Hoje, diz Mendonça, há poucas ferramentas disponíveis para lidar com estas causas assim que descobertas precocemente. O pior problema, diz ela, é a falta de acolhimento dessas mulheres. "É preciso apoio para que a mulher não se sinta responsável seja por ter caído, praticado esporte, pela alimentação — a falta de respostas causa feridas e deixa a fantasia muito aguçada", diz.

Validar a dor e organizar o luto

Durante a pandemia, a psicóloga Lígia Dantas, que integra a Sociedade Brasileira de Reprodução Humana, criou o "Entra Na Roda", uma plataforma de apoio psicológico on-line destinado a acolher , informar e conectar mulheres que vivem o luto perinatal ou mulheres que estão tentando engravidar.

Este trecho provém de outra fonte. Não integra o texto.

(* For every integer $n \geq 1$, the number of linear arrangements of $\{1,\ldots,n\}$ that avoid the patterns $12, 23, \ldots, (n-1)n$ and contain the pattern $n1$ is exactly $D_{n-1}$ (with the convention $D_0 = 0$).
   Context: A linear arrangement of $\{1,\ldots,n\}$ is a sequence $a_1\cdots a_n$ in which each of $1,\ldots,n$ appears exactly once. It contains the pattern $ij$ if $a_t=i$ and $a_{t+1}=j$ for some $t$ (i.e. $i$ is immediately followed by $j$); otherwise it avoids it. $D_m$ is the number of linear arrangements of $\{1,\ldots,m\}$ avoiding all of the patterns $12, 23, \ldots, (m-1)m, m1$; $D_0 = 0$. *)

From mathcomp Require Import all_boot all_order all_fingroup.
Set Implicit Arguments. Unset Strict Implicit. Unset Printing Implicit Defensive.

(* A linear arrangement of {1,...,n} is encoded by a permutation s of 'I_n:
   the sequence a_1 ... a_n is [seq (s t).+1 | t <- enum 'I_n]. *)
Definition arrangement (n : nat) (s : {perm 'I_n}) : seq nat :=
  [seq (s t).+1 | t <- enum 'I_n].

Definition contains_pat (a : seq nat) (i j : nat) : bool :=
  has (fun t => (nth 0 a t == i) && (nth 0 a t.+1 == j)) (iota 0 (size a).-1).

Definition avoids_succ (n : nat) (a : seq nat) : bool :=
  all (fun k => ~~ contains_pat a k k.+1) (iota 1 n.-1).

Definition D (m : nat) : nat :=
  if m is 0 then 0
  else #|[set s : {perm 'I_m} | avoids_succ m (arrangement s)
                                && ~~ contains_pat (arrangement s) m 1]|.

(* Let a be an arrangement of {1,...,n} with no succession i(i+1) that contains
   n1, say a = s1 n 1 s2, and let b = s1 1 s2 be a with n deleted.  The only
   adjacency of b that is not one of a is (p, 1), where p is the last letter of
   s1 (if any), and it replaces the adjacencies (p, n) and (n, 1) of a.  Hence b has no
   succession i(i+1) with i < n-1, and b contains (n-1)1 exactly when a contains
   (n-1)n, which is excluded.  Conversely, inserting n just before 1 in such a b
   gives back a, so the two families are in bijection. *)

From mathcomp Require Import all_boot all_order all_fingroup zify.

Lemma contains_pat_cons z s u v :
  contains_pat (z :: s) u v = (z == u) && (ohead s == Some v) || contains_pat s u v.
Proof.
case: s => [|w s]; rewrite /contains_pat /=; first by rewrite andbF.
by rewrite -[1]/(1 + 0) iotaDl has_map.
Qed.

Lemma contains_patP a u v :
  reflect (exists s1 s2, a = s1 ++ u :: v :: s2) (contains_pat a u v).
Proof.
elim: a => [|z s IH]; first by right => -[[|? ?] [? ?]].
rewrite contains_pat_cons.
apply: (iffP orP) => [[/andP[/eqP<-]|/IH[s1 [s2 ->]]]|[[|w s1] [s2 [-> Es]]]].
- by case: s {IH} => [|w s2] //= /eqP[->]; exists [::], s2.
- by exists (z :: s1), s2.
- by left; rewrite Es !eqxx.
- by right; apply/IH; exists s1, s2.
Qed.

Lemma contains_pat_head z s u v : v \notin s -> contains_pat (z :: s) u v = false.
Proof.
move=> vs; apply/contains_patP => -[[|w s1] [s2 [_ def_s]]]; move: vs;
  by rewrite def_s ?mem_cat !inE eqxx ?orbT.
Qed.

Lemma contains_pat_insert s1 s2 x y u v : u != x -> v != x -> v != y ->
  contains_pat (s1 ++ x :: y :: s2) u v = contains_pat (s1 ++ y :: s2) u v.
Proof.
move=> ux vx vy; elim: s1 => [|z s1 IH] /=.
  by rewrite contains_pat_cons eq_sym (negbTE ux).
rewrite !contains_pat_cons IH; case: s1 {IH} => //=.
by rewrite !(inj_eq Some_inj) !(eq_sym _ v) (negbTE vx) (negbTE vy).
Qed.

Lemma contains_pat_insert_pred s1 s2 x y u : uniq (s1 ++ x :: y :: s2) ->
  contains_pat (s1 ++ x :: y :: s2) u x = contains_pat (s1 ++ y :: s2) u y.
Proof.
elim: s1 => [|z s1 IH] /=.
  by case/andP=> xs /andP[ys _]; rewrite !contains_pat_head.
case/andP=> _ /[dup] /IH {}IH.
rewrite !contains_pat_cons IH; case: s1 {IH} => [|w s1] /=; first by rewrite !eqxx.
rewrite mem_cat !inE !negb_or => /andP[/andP[_ /and3P[wx wy _]] _].
by rewrite !(inj_eq Some_inj) (negbTE wx) (negbTE wy).
Qed.

Lemma iotaSr m n : iota m n.+1 = rcons (iota m n) (m + n).
Proof. by rewrite -addn1 iotaD cats1. Qed.

Lemma avoids_succ_insert m s1 s2 : 0 < m -> uniq (s1 ++ m.+1 :: 1 :: s2) ->
  avoids_succ m.+1 (s1 ++ m.+1 :: 1 :: s2)
  = avoids_succ m (s1 ++ 1 :: s2) && ~~ contains_pat (s1 ++ 1 :: s2) m 1.
Proof.
case: m => // m _ uniq_a.
rewrite /avoids_succ -[m.+2.-1]/m.+1 -[m.+1.-1]/m iotaSr -cats1 all_cat /= andbT add1n.
rewrite contains_pat_insert_pred //.
congr andb; apply: eq_in_all => k; rewrite mem_iota => /andP[k_gt0 k_le].
by rewrite contains_pat_insert //; lia.
Qed.

Definition insert_before {T : eqType} (x y : T) (s : seq T) : seq T :=
  take (index y s) s ++ x :: drop (index y s) s.

Lemma insert_before_cat (T : eqType) (x y : T) s1 s2 :
  y \notin s1 -> insert_before x y (s1 ++ y :: s2) = s1 ++ x :: y :: s2.
Proof.
move=> ys1; rewrite /insert_before index_cat (negbTE ys1) /= eqxx addn0.
by rewrite take_size_cat // drop_size_cat.
Qed.

Lemma rem_cat_notin (T : eqType) (x : T) s1 s2 :
  x \notin s1 -> rem x (s1 ++ x :: s2) = s1 ++ s2.
Proof.
elim: s1 => [|z s1 IH] /=; first by rewrite eqxx.
by rewrite inE negb_or eq_sym => /andP[/negbTE-> /IH->].
Qed.

Lemma uniq_cat_cons_notin (T : eqType) (x : T) s1 s2 :
  uniq (s1 ++ x :: s2) -> x \notin s1.
Proof. by rewrite uniq_catC /= mem_cat negb_or => /andP[/andP[]]. Qed.

Lemma perm_iota_insert_max n s1 s2 :
  perm_eq (s1 ++ n.+1 :: s2) (iota 1 n.+1) = perm_eq (s1 ++ s2) (iota 1 n).
Proof.
by rewrite -cat1s perm_catCA iotaSr add1n -cats1 perm_sym perm_catC perm_cons perm_sym.
Qed.

Lemma perm_iota_prefix_notin {m s1 s2} :
  perm_eq (s1 ++ 1 :: s2) (iota 1 m) -> (1 \notin s1) && (m.+1 \notin s1).
Proof.
move=> b_perm; have /uniq_cat_cons_notin-> /= : uniq (s1 ++ 1 :: s2).
  by rewrite (perm_uniq b_perm) iota_uniq.
have : m.+1 \notin iota 1 m by rewrite mem_iota add1n ltnn andbF.
by rewrite -(perm_mem b_perm) mem_cat negb_or => /andP[].
Qed.

Lemma size_uniq_bij_in {T U : eqType} {s : seq T} {t : seq U} (f : T -> U) (g : U -> T) :
  uniq s -> uniq t ->
  {in s, forall x, f x \in t /\ g (f x) = x} ->
  {in t, forall y, g y \in s /\ f (g y) = y} ->
  size s = size t.
Proof.
move=> uniq_s uniq_t fK gK; apply/eqP; rewrite eqn_leq; apply/andP; split.
  rewrite -(size_map f s) uniq_leq_size //; last by move=> _ /mapP[x /fK[? _] ->].
  by rewrite map_inj_in_uniq // => x1 x2 /fK[_ e1] /fK[_ e2] e; rewrite -e1 -e2 e.
rewrite -(size_map g t) uniq_leq_size //; last by move=> _ /mapP[y /gK[? _] ->].
by rewrite map_inj_in_uniq // => y1 y2 /gK[_ e1] /gK[_ e2] e; rewrite -e1 -e2 e.
Qed.

Lemma arrangement_inj n : injective (@arrangement n).
Proof.
move=> s t /eq_in_map est; apply/permP => i; apply/val_inj/succn_inj.
exact: est (mem_enum _ i).
Qed.

Lemma arrangementP n (a : seq nat) :
  reflect (exists s : {perm 'I_n}, a = arrangement s) (perm_eq a (iota 1 n)).
Proof.
have -> : iota 1 n = [tuple (val i).+1 | i < n] :> seq nat.
  by rewrite /= -[1]/(1 + 0) iotaDl -val_enum_ord -map_comp.
apply: (iffP tuple_permP) => -[s ->]; exists s; rewrite /arrangement /=;
  by apply: eq_map => i; rewrite tnth_mktuple.
Qed.

Lemma card_arrangement n (P : pred (seq nat)) :
  #|[set s : {perm 'I_n} | P (arrangement s)]| = count P (permutations (iota 1 n)).
Proof.
transitivity (count P (map (@arrangement n) (enum {perm 'I_n}))).
  rewrite count_map cardE /enum_mem size_filter count_filter.
  by apply: eq_count => s; rewrite !inE andbT.
apply/seq.permP/uniq_perm; rewrite ?permutations_uniq //.
  by rewrite (map_inj_uniq (@arrangement_inj n)) enum_uniq.
move=> a; rewrite mem_permutations.
by apply/mapP/arrangementP => -[s]; [exists s | exists s; rewrite ?mem_enum].
Qed.

Definition succ_free_with_wrap n a := avoids_succ n a && contains_pat a n 1.
Definition cyclic_succ_free n a := avoids_succ n a && ~~ contains_pat a n 1.

Lemma succ_free_with_wrap_insert m s1 s2 : 0 < m ->
  succ_free_with_wrap m.+1 (s1 ++ m.+1 :: 1 :: s2)
    && perm_eq (s1 ++ m.+1 :: 1 :: s2) (iota 1 m.+1)
  = cyclic_succ_free m (s1 ++ 1 :: s2) && perm_eq (s1 ++ 1 :: s2) (iota 1 m).
Proof.
move=> m_gt0; rewrite perm_iota_insert_max.
have [b_perm|] := boolP (perm_eq _ _); last by rewrite !andbF.
have a_perm : perm_eq (s1 ++ m.+1 :: 1 :: s2) (iota 1 m.+1).
  by rewrite perm_iota_insert_max.
have uniq_a : uniq (s1 ++ m.+1 :: 1 :: s2) by rewrite (perm_uniq a_perm) iota_uniq.
have wrap_a : contains_pat (s1 ++ m.+1 :: 1 :: s2) m.+1 1.
  by apply/contains_patP; exists s1, s2.
by rewrite /succ_free_with_wrap /cyclic_succ_free wrap_a avoids_succ_insert // !andbT.
Qed.

Lemma count_succ_free_with_wrap m : 0 < m ->
  count (succ_free_with_wrap m.+1) (permutations (iota 1 m.+1))
  = count (cyclic_succ_free m) (permutations (iota 1 m)).
Proof.
move=> m_gt0; rewrite -!size_filter.
apply: (size_uniq_bij_in (rem m.+1) (insert_before m.+1 1));
  rewrite ?filter_uniq ?permutations_uniq //.
- move=> a; rewrite mem_filter mem_permutations.
  move=> /[dup] /andP[/andP[_ /contains_patP[s1 [s2 ->]]] _] {a}.
  rewrite succ_free_with_wrap_insert // => /[dup] good_b /andP[_ b_perm].
  have /andP[one_s1 max_s1] := perm_iota_prefix_notin b_perm.
  by rewrite rem_cat_notin // insert_before_cat // mem_filter mem_permutations.
- move=> b; rewrite mem_filter mem_permutations => good_b.
  have one_b : 1 \in b.
    by case/andP: good_b => _ /perm_mem->; rewrite mem_iota leqnn add1n ltnS.
  move: good_b; case/splitPr: one_b => s1 s2 /[dup] good_b /andP[_ b_perm].
  have /andP[one_s1 max_s1] := perm_iota_prefix_notin b_perm.
  rewrite insert_before_cat // rem_cat_notin //.
  by rewrite mem_filter mem_permutations succ_free_with_wrap_insert.
Qed.

Theorem corollary2p2 (n : nat) (hn : 1 <= n) :
  #|[set s : {perm 'I_n} | avoids_succ n (arrangement s)
                          && contains_pat (arrangement s) n 1]| = D n.-1.
Proof.
case: n hn => [//|[|m]] _; first by rewrite (card_arrangement _ (succ_free_with_wrap 1)).
rewrite (card_arrangement _ (succ_free_with_wrap m.+2)) /D.
by rewrite (card_arrangement _ (cyclic_succ_free m.+1)) count_succ_free_with_wrap.
Qed.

A psicóloga chama a atenção para a presença da culpa das mulheres que passam por uma situação de abortamento espontâneo. "Inúmeras fantasias podem vir à tona quando surge o imponderável. Há uma sensação de culpa que vem do feminino, mas quem disse que foi um problema da mulher, quando o embrião do homem também é parte deste material genérico? Mas, como a gestação ocorre no corpo da mulher, é natural buscar essa culpa em si", pontua a psicóloga.

Ela afirma que perdas gestacionais não são validadas como luto socialmente. "Muitos dizem 'estava no comecinho, ainda não era nada, você pode engravidar de novo'. As tendem a subestimar o sentimento da mulher, mas, na verdade, foi a perda de um filho que estava gestando desde do primeiro desejo de gravidez", diz.

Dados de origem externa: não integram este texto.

(* Let $V$ be the crossed module with group part $\langle a\mid a^4=1\rangle\cong C_4$, module part $\langle b\mid b^4=1\rangle\cong C_4$, structure morphism $\mu(b)=a^2$ and action ${}^ab=b^{-1}$. Then for $n\in\mathbb N_0$ (with $\mathbb Z/n$ a trivial module, $\mathbb Z/0=\mathbb Z$), \[H^2(V,\mathbb Z/n)\cong\begin{cases}\mathbb Z/2 & n\text{ even},\\ 0 & n\text{ odd}.\end{cases}\]
   Context: A crossed module $V=(G_V,M_V,\mu)$: left action ${}^gm$ of $G_V$ on $M_V$, $\mu({}^gm)=g\mu(m)g^{-1}$, ${}^{\mu(n)}m=nmn^{-1}$. With $\bar g$ the class of $g$ in $\pi_0(V)=G_V/\mu(M_V)$ and $M$ an abelian $\pi_0(V)$-module, $H^2(V,M)$ is the second cohomology of $C^1(V,M)=\mathrm{Map}(G_V,M)\to C^2(V,M)=\mathrm{Map}(M_V\times G_V\times G_V,M)\to C^3(V,M)=\mathrm{Map}(M_V\times M_V\times G_V\times M_V\times G_V\times G_V,M)$, $(dc)(m,h,g)=c(\mu(m)h)-c(hg)+\bar hc(g)$, $(dc)(p,n,k,m,h,g)=c(p,\mu(n)k,\mu(m)h)-c(pn,k,hg)+c(n\,{}^km,kh,g)-\bar kc(m,h,g)$ (equivalently, the cohomology of the associated coskeleton simplicial group). *)

From HB Require Import structures.
From mathcomp Require Import all_boot all_order all_algebra.
Set Implicit Arguments. Unset Strict Implicit. Unset Printing Implicit Defensive.
Import Order.TTheory GRing.Theory Num.Theory.
Local Open Scope ring_scope.

(* The crossed module V: both groups are C_4, written additively as 'Z_4
   (a^i <-> i : G, b^j <-> j : M). *)
Definition GV := 'Z_4.
Definition MV := 'Z_4.
Definition muV (m : MV) : GV := m *+ 2.
Definition actV (g : GV) (m : MV) : MV := if odd (val g) then - m else m.

(* Cochains with values in Z/n (trivial module), represented by integer
   valued maps; two cochains are equal in C^k(V,Z/n) iff they agree mod n
   pointwise (for n = 0 this is equality in Z). *)
Definition C1 := GV -> int.
Definition C2 := MV -> GV -> GV -> int.
Definition C3 := MV -> MV -> GV -> MV -> GV -> GV -> int.

(* differentials, trivial action of pi_0(V) on the coefficients;
   group laws written additively: mu(m)h ~ muV m + h, hg ~ h + g,
   pn ~ p + n, n ^k m ~ n + actV k m *)
Definition d1 (c : C1) : C2 :=
  fun m h g => c (muV m + h) - c (h + g) + c g.
Definition d2 (c : C2) : C3 :=
  fun p n k m h g =>
    c p (muV n + k) (muV m + h) - c (p + n) k (h + g)
    + c (n + actV k m) (k + h) g - c m h g.

Definition cong (n : nat) (x y : int) : Prop := (n%:Z %| (x - y))%Z.

Definition cocycle2 (n : nat) (c : C2) : Prop :=
  forall p n' k m h g, cong n (d2 c p n' k m h g) 0.
Definition coboundary2 (n : nat) (c : C2) : Prop :=
  exists c1 : C1, forall m h g, cong n (c m h g) (d1 c1 m h g).

Definition addC2 (c c' : C2) : C2 := fun m h g => c m h g + c' m h g.

From mathcomp Require Import all_boot all_order all_algebra ring.
Set Implicit Arguments. Unset Strict Implicit. Unset Printing Implicit Defensive.
Import GRing.Theory.
Local Open Scope ring_scope.

(* Since V is finite, a 2-cochain is a vector of 64 integers and the cocycle
   conditions are integer linear forms in it. Integer linear algebra shows that
   every cochain c differs from d1 b_c + psi(c) u by an integer combination of
   these forms, where b_c is a 1-cochain depending linearly on c,
   u(m, h, g) = [h and g odd] is an integral cocycle, and
   psi(c) = c(0,1,1) - 2 c(0,1,2) + 3 c(1,0,0). So every cocycle mod n is
   cohomologous to psi(c) u. As psi(u) = 1 and psi(d1 b) = 2 b(3), for n even
   psi mod 2 induces H^2(V, Z/n) ~ Z/2; and as 2u = d1 w with w(g) = [g odd],
   for n odd every cocycle is a coboundary. *)

Section LinearCombinations.

Variable T : eqType.

Definition lincomb := seq (int * T).

Definition lc_eval (f : T -> int) (L : lincomb) : int :=
  foldr (fun x acc => x.1 * f x.2 + acc) 0 L.

Definition lc_coef (L : lincomb) (t : T) : int :=
  foldr (fun x acc => if x.2 == t then x.1 + acc else acc) 0 L.

Definition lc_scale (k : int) (L : lincomb) : lincomb :=
  [seq (k * x.1, x.2) | x <- L].

Lemma lc_eval_cat f L1 L2 : lc_eval f (L1 ++ L2) = lc_eval f L1 + lc_eval f L2.
Proof. by elim: L1 => [|x L IH] /=; rewrite ?add0r // IH addrA. Qed.

Lemma lc_eval_scale f k L : lc_eval f (lc_scale k L) = k * lc_eval f L.
Proof. by elim: L => [|x L IH] /=; rewrite ?mulr0 // IH mulrDr mulrA. Qed.

Lemma lc_evalD f g L :
  lc_eval (fun t => f t + g t) L = lc_eval f L + lc_eval g L.
Proof. by elim: L => [|x L IH] /=; rewrite ?addr0 // IH mulrDr addrACA. Qed.

Lemma lc_evalB f g L :
  lc_eval (fun t => f t - g t) L = lc_eval f L - lc_eval g L.
Proof. by elim: L => [|x L IH] /=; rewrite ?subr0 // IH mulrBr opprD addrACA. Qed.

Lemma lc_eval_dvdz d f L :
  (forall t, (d %| f t)%Z) -> (d %| lc_eval f L)%Z.
Proof. by move=> dvd_f; elim: L => [|x L IH] //=; rewrite rpredD ?dvdz_mull. Qed.

End LinearCombinations.

Section FiniteLinearCombinations.

Variable T : finType.

Lemma lc_eval_coef f (L : lincomb T) : lc_eval f L = \sum_t lc_coef L t * f t.
Proof.
elim: L => [|x L IH] /=; first by rewrite big1 // => t _; rewrite mul0r.
rewrite IH [RHS](bigD1 x.2) //= eqxx [in LHS](bigD1 x.2) //= mulrDl -addrA.
by congr (_ + (_ + _)); apply: eq_bigr => t; rewrite eq_sym => /negbTE ->.
Qed.

Lemma eq_lc_eval f (L L' : lincomb T) :
  (forall t, lc_coef L t = lc_coef L' t) -> lc_eval f L = lc_eval f L'.
Proof. by move=> eqLL'; rewrite !lc_eval_coef; apply: eq_bigr => t _; rewrite eqLL'. Qed.

End FiniteLinearCombinations.

Definition cell := (MV * GV * GV)%type.

Definition at_cell (c : C2) (t : cell) : int := c t.1.1 t.1.2 t.2.

Definition z4 (k : int) : 'Z_4 := k%:~R.

Definition Z4_elems : seq 'Z_4 := [:: z4 0; z4 1; z4 2; z4 3].

Lemma mem_Z4_elems (x : 'Z_4) : x \in Z4_elems.
Proof. by case: x => [[|[|[|[|k]]]] lt_k]. Qed.

Definition cells : seq cell :=
  [seq (mh, g) | mh <- [seq (m, h) | m <- Z4_elems, h <- Z4_elems], g <- Z4_elems].

Lemma all_cells (P : pred cell) : all P cells -> forall t, P t.
Proof.
move/allP=> allP [[m h] g]; apply: allP.
by apply: (allpairs_f (fun mh g => (mh, g))); [apply: allpairs_f|]; rewrite mem_Z4_elems.
Qed.

Definition d2_lc (p n k m h g : 'Z_4) : lincomb cell :=
  [:: (1, (p, muV n + k, muV m + h)); (-1, (p + n, k, h + g));
      (1, (n + actV k m, k + h, g)); (-1, (m, h, g))].

Lemma lc_eval_d2 c p n k m h g :
  lc_eval (at_cell c) (d2_lc p n k m h g) = d2 c p n k m h g.
Proof. by rewrite /d2 /at_cell /=; ring. Qed.

(* The entry [:: a; p; n; k; m; h; g] stands for a times the cocycle condition
   at (p, n, k, m, h, g). *)
Definition relation_lc (r : seq int) : lincomb cell :=
  if r is [:: a; p; n; k; m; h; g]
  then lc_scale a (d2_lc (z4 p) (z4 n) (z4 k) (z4 m) (z4 h) (z4 g))
  else [::].

Lemma relation_lc_dvdz n c r :
  cocycle2 n c -> (n%:Z %| lc_eval (at_cell c) (relation_lc r))%Z.
Proof.
move=> c_cocycle.
case: r => [|a [|p [|n' [|k [|m [|h [|g [|? ?]]]]]]]]; rewrite /relation_lc ?dvdz0 //.
rewrite lc_eval_scale lc_eval_d2 dvdz_mull //.
by have := c_cocycle (z4 p) (z4 n') (z4 k) (z4 m) (z4 h) (z4 g); rewrite /cong subr0.
Qed.

Definition relations_lc (R : seq (seq int)) : lincomb cell :=
  flatten (map relation_lc R).

Lemma relations_lc_dvdz n c R :
  cocycle2 n c -> (n%:Z %| lc_eval (at_cell c) (relations_lc R))%Z.
Proof.
move=> c_cocycle; elim: R => [|r R IH] //.
by rewrite /relations_lc /= lc_eval_cat rpredD ?relation_lc_dvdz.
Qed.

Definition d1_lc (T : eqType) (B : GV -> lincomb T) (t : cell) : lincomb T :=
  B (muV t.1.1 + t.1.2) ++ lc_scale (-1) (B (t.1.2 + t.2)) ++ B t.2.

Na publicação em seu Facebook, Britney Spears, mãe de de dois adolescentes (Jayden, de 16 anos, e Sean, de 15), disse que pretende engravidar novamente, apesar da perda precoce. "Continuaremos tentando aumentar nossa linda família. Nós agradecemos a todos pelo apoio. Gentilmente pedimos privacidade durante esse momento difícil", finaliza Britney, que recebeu o carinho e apoio dos fãs, nos comentários da publicação.

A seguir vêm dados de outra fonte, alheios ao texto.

(* Let $r,d,\mu_C:[0,\infty)\to\mathbb{R}$ be Lipschitz continuous with $r(0)>d(0)>0$, $r'<0$, $r(+\infty)=0$, $d'>0$, and $\mu_C>0$, $\mu_C'<0$, $\mu_C(\infty)=0$. Take the constant dose $c\equiv 1$ and assume there is $x_c>0$ such that $$r(x)-d(x)-c\mu_C(x)<\overline{R_c}:=r(x_c)-d(x_c)-c\mu_C(x_c)\quad\text{for all } x\neq x_c,\qquad \overline{R_c}>0.$$ Let $n_C^0>0$ be an integrable initial datum on $[0,\infty)$ and $n_C$ the solution of $$\frac{\partial}{\partial t}n_C(x,t)=\big[r(x)-d(x)-c\,\mu_C(x)\big]n_C(x,t),\qquad n_C(x,0)=n_C^0(x)$$ (the cancer-cell model with no mutations, $\theta_C=0$). Set $\rho_C(t)=\int_0^\infty n_C(x,t)\,dx$. Then $\rho_C(t)\to\infty$ as $t\to\infty$ with an exponential rate, and $\dfrac{n_C(\cdot,t)}{\rho_C(t)}\to\delta(x-x_c)$ as $t\to\infty$, weakly in the sense of measures.
   Context: $n_C(x,t)$ is the density of cancer cells with resistance-gene expression level $x\ge0$; $r$, $d$ are birth and death rates, $c$ the (constant) drug dose and $\mu_C(x)$ the drug-induced death rate of cancer cells with level $x$. $\delta(x-x_c)$ is the Dirac mass at $x_c$. *)

From HB Require Import structures.
From mathcomp Require Import all_boot all_order all_algebra.
From mathcomp Require Import all_classical all_reals all_analysis.
Set Implicit Arguments. Unset Strict Implicit. Unset Printing Implicit Defensive.
Import Order.TTheory GRing.Theory Num.Theory.
Import numFieldNormedType.Exports.
Local Open Scope classical_set_scope.
Local Open Scope ring_scope.

Definition total_mass (R : realType) (n : R -> R -> R) (t : R) : R :=
  Rintegral (@lebesgue_measure R) `[0, +oo[ (fun x => n x t).

From HB Require Import structures.
From mathcomp Require Import all_boot all_order all_algebra.
From mathcomp Require Import all_classical all_reals all_analysis.
From mathcomp Require Import ring lra.

(* Solving the equation pointwise in x gives n(x,t) = n0(x) exp(g(x) t) with
   g = r - d - c muC.  As g is continuous at its maximiser xc, the mass of a
   small interval next to xc already grows like exp((g(xc) - eta) t) for every
   eta > 0; this gives the exponential growth of rho.  Away from any
   neighbourhood of xc, g stays below g(xc) - eta for some eta > 0 (extreme
   value theorem on compact pieces, and g < r -> 0 at infinity), so that part
   of the mass is O(exp((g(xc) - eta) t)) = o(rho(t)), while near xc a
   continuous test function is close to its value at xc. *)

Set Implicit Arguments.
Unset Strict Implicit.
Unset Printing Implicit Defensive.
Import Order.TTheory GRing.Theory Num.Theory.
Import numFieldNormedType.Exports.
Local Open Scope classical_set_scope.
Local Open Scope ring_scope.

Section RealFunctions.
Variable R : realType.
Implicit Types (f g : R -> R) (A : set R).

Lemma lipschitz_within_continuous f A :
  [lipschitz f x | x in A] -> {within A, continuous f}.
Proof.
move=> /pinfty_ex_gt0[k k0 fk]; apply/subspace_continuousP => x Ax.
apply/cvgrPdist_lt => e e0; apply/nbhs_ballP.
exists (e / k); first exact: divr_gt0.
move=> y /= xy Ay; apply: le_lt_trans (fk (x, y) (conj Ax Ay)) _.
by rewrite -ltr_pdivlMl // mulrC.
Qed.

Lemma within_continuous_ball f A x e : {within A, continuous f} -> A x ->
  0 < e -> exists2 r, 0 < r & forall y, A y -> `|x - y| < r -> `|f x - f y| < e.
Proof.
move=> /subspace_continuousP /(_ x) fx Ax e0.
have /cvgrPdist_lt/(_ e e0)/nbhs_ballP[r r0 fr] := fx Ax.
by exists r => // y Ay xy; exact: fr.
Qed.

Dantas recomenda, antes de uma nova tentativa, se organizar internamente para processar o luto. "É necessário recolher os cacos e ver os recursos emocionais, psicológicos e mesmo financeiro que ainda restam, porque há mulheres que podem ter que passar por um novo tratamento para esta nova tentativa. Ou seja, há um investimento libidinal, como falamos."

"Enquanto este luto não foi trabalhado e a mulher perceber que não foi uma falha dela, como mulher, todas essas questões que advém de uma nova investida em gestar podem gerar expectativas fora do comum para a gestação seguinte, o que pode gerar depressão e ansiedade", diz Dantas, que cita a importância de buscar tratamento da psicoterapia, apoio familiar e fortalecimento do casal.

"É importante ter esse apoio para não entrar nesse ciclo de culpa. É preciso validar a dor, mas não a culpa."

A ginecologista Érika Mendonça explica que nem sempre quem teve um primeiro abortamento, terá novamente na próxima gestação. "Os abortos recorrentes são menos comuns, o segundo abortamento em sequência chega 2% dos casos, e um terceiro, 1%", afirma. Mas ela também recomenda um período de seis meses a um ano para uma nova tentativa.

"Haverá uma dificuldade de encontrar qual foi a causa e talvez ela nem saiba. Por isso, é importante passar uma temporada para recuperar e reconhecer seu ciclo menstrual e curar os sintomas emocionais. Apaziguar a dor e estabilizar a saúde geral da mulher."